- Stored data
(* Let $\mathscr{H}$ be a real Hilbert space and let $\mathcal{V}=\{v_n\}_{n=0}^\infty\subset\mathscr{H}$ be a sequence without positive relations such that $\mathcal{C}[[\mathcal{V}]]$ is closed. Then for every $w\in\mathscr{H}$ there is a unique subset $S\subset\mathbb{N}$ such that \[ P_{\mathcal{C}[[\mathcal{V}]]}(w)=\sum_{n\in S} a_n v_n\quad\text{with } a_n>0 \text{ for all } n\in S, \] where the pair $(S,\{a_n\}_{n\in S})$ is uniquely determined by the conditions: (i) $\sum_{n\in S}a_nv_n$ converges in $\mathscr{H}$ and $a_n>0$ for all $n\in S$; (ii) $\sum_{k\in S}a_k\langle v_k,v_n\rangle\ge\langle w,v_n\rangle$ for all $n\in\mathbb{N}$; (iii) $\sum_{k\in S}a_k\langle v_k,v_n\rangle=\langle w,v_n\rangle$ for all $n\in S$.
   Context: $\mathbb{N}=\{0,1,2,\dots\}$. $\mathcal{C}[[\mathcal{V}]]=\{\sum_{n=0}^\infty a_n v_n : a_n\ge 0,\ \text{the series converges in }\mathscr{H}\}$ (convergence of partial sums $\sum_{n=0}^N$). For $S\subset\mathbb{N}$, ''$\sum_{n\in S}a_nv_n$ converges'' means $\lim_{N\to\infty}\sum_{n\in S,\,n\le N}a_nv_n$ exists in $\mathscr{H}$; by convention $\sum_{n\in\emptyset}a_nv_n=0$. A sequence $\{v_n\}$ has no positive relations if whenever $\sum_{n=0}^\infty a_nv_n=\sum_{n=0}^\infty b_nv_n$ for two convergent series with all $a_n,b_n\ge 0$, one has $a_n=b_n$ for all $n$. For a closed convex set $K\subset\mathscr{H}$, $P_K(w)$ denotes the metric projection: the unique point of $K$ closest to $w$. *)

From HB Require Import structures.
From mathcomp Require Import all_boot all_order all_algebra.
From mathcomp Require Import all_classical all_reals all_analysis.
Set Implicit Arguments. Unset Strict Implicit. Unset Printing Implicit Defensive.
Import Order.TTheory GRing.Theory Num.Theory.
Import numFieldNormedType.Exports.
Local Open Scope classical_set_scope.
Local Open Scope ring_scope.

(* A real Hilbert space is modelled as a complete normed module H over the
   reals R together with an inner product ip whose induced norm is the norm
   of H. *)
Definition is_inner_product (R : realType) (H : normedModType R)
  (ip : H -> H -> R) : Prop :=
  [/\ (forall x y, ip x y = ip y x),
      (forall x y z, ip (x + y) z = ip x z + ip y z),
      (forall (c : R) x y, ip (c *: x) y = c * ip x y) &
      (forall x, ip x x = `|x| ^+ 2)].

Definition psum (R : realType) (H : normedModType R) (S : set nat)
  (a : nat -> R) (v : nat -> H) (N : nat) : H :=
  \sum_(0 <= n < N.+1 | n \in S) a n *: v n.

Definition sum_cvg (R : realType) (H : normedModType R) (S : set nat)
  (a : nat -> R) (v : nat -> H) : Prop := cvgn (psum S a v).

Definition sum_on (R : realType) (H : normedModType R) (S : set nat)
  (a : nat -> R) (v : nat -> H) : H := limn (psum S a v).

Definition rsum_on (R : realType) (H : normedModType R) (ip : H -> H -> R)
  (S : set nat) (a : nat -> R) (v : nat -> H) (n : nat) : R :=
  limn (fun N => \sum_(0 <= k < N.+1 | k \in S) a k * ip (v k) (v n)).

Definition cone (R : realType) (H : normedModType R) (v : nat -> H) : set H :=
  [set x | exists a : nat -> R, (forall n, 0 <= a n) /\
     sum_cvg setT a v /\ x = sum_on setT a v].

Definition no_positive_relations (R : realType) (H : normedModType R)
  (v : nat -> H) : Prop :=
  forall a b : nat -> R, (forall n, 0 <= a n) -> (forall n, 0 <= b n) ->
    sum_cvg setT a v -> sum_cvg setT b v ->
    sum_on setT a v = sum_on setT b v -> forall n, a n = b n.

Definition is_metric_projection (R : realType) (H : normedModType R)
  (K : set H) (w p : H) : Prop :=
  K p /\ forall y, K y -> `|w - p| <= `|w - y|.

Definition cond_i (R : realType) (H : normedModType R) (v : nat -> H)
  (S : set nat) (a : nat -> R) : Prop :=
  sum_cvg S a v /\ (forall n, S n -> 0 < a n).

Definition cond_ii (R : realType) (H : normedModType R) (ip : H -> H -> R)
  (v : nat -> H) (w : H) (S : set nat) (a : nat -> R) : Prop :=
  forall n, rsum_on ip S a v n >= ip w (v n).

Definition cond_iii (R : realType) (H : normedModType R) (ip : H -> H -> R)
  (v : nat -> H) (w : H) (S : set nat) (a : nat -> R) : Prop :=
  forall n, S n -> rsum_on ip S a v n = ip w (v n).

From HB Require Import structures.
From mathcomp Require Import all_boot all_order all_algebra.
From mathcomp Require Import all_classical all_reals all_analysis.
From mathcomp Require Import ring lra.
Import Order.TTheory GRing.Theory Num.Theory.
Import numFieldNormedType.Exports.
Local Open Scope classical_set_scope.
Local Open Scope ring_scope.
...
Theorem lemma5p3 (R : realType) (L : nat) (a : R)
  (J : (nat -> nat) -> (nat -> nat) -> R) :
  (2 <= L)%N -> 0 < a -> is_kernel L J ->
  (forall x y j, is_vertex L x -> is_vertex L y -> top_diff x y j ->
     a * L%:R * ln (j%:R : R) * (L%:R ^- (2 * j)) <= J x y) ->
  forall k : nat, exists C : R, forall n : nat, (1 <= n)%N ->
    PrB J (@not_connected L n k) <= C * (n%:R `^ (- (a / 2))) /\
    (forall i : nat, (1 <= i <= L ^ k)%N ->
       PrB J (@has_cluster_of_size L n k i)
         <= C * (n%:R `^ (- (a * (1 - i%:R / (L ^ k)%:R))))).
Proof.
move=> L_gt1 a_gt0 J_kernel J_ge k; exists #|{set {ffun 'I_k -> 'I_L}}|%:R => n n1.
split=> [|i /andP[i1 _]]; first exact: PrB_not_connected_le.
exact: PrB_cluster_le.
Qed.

- What you need to do
From the line holding "Definition rsum_on (R" to the line holding "forall n, rsum_on ip S a v n >= ip w (v n).", inclusive, restate each line above exactly as written.

- Answer space
Definition rsum_on (R : realType) (H : normedModType R) (ip : H -> H -> R)
  (S : set nat) (a : nat -> R) (v : nat -> H) (n : nat) : R :=
  limn (fun N => \sum_(0 <= k < N.+1 | k \in S) a k * ip (v k) (v n)).

Definition cone (R : realType) (H : normedModType R) (v : nat -> H) : set H :=
  [set x | exists a : nat -> R, (forall n, 0 <= a n) /\
     sum_cvg setT a v /\ x = sum_on setT a v].

Definition no_positive_relations (R : realType) (H : normedModType R)
  (v : nat -> H) : Prop :=
  forall a b : nat -> R, (forall n, 0 <= a n) -> (forall n, 0 <= b n) ->
    sum_cvg setT a v -> sum_cvg setT b v ->
    sum_on setT a v = sum_on setT b v -> forall n, a n = b n.

Definition is_metric_projection (R : realType) (H : normedModType R)
  (K : set H) (w p : H) : Prop :=
  K p /\ forall y, K y -> `|w - p| <= `|w - y|.

Definition cond_i (R : realType) (H : normedModType R) (v : nat -> H)
  (S : set nat) (a : nat -> R) : Prop :=
  sum_cvg S a v /\ (forall n, S n -> 0 < a n).

Definition cond_ii (R : realType) (H : normedModType R) (ip : H -> H -> R)
  (v : nat -> H) (w : H) (S : set nat) (a : nat -> R) : Prop :=
  forall n, rsum_on ip S a v n >= ip w (v n).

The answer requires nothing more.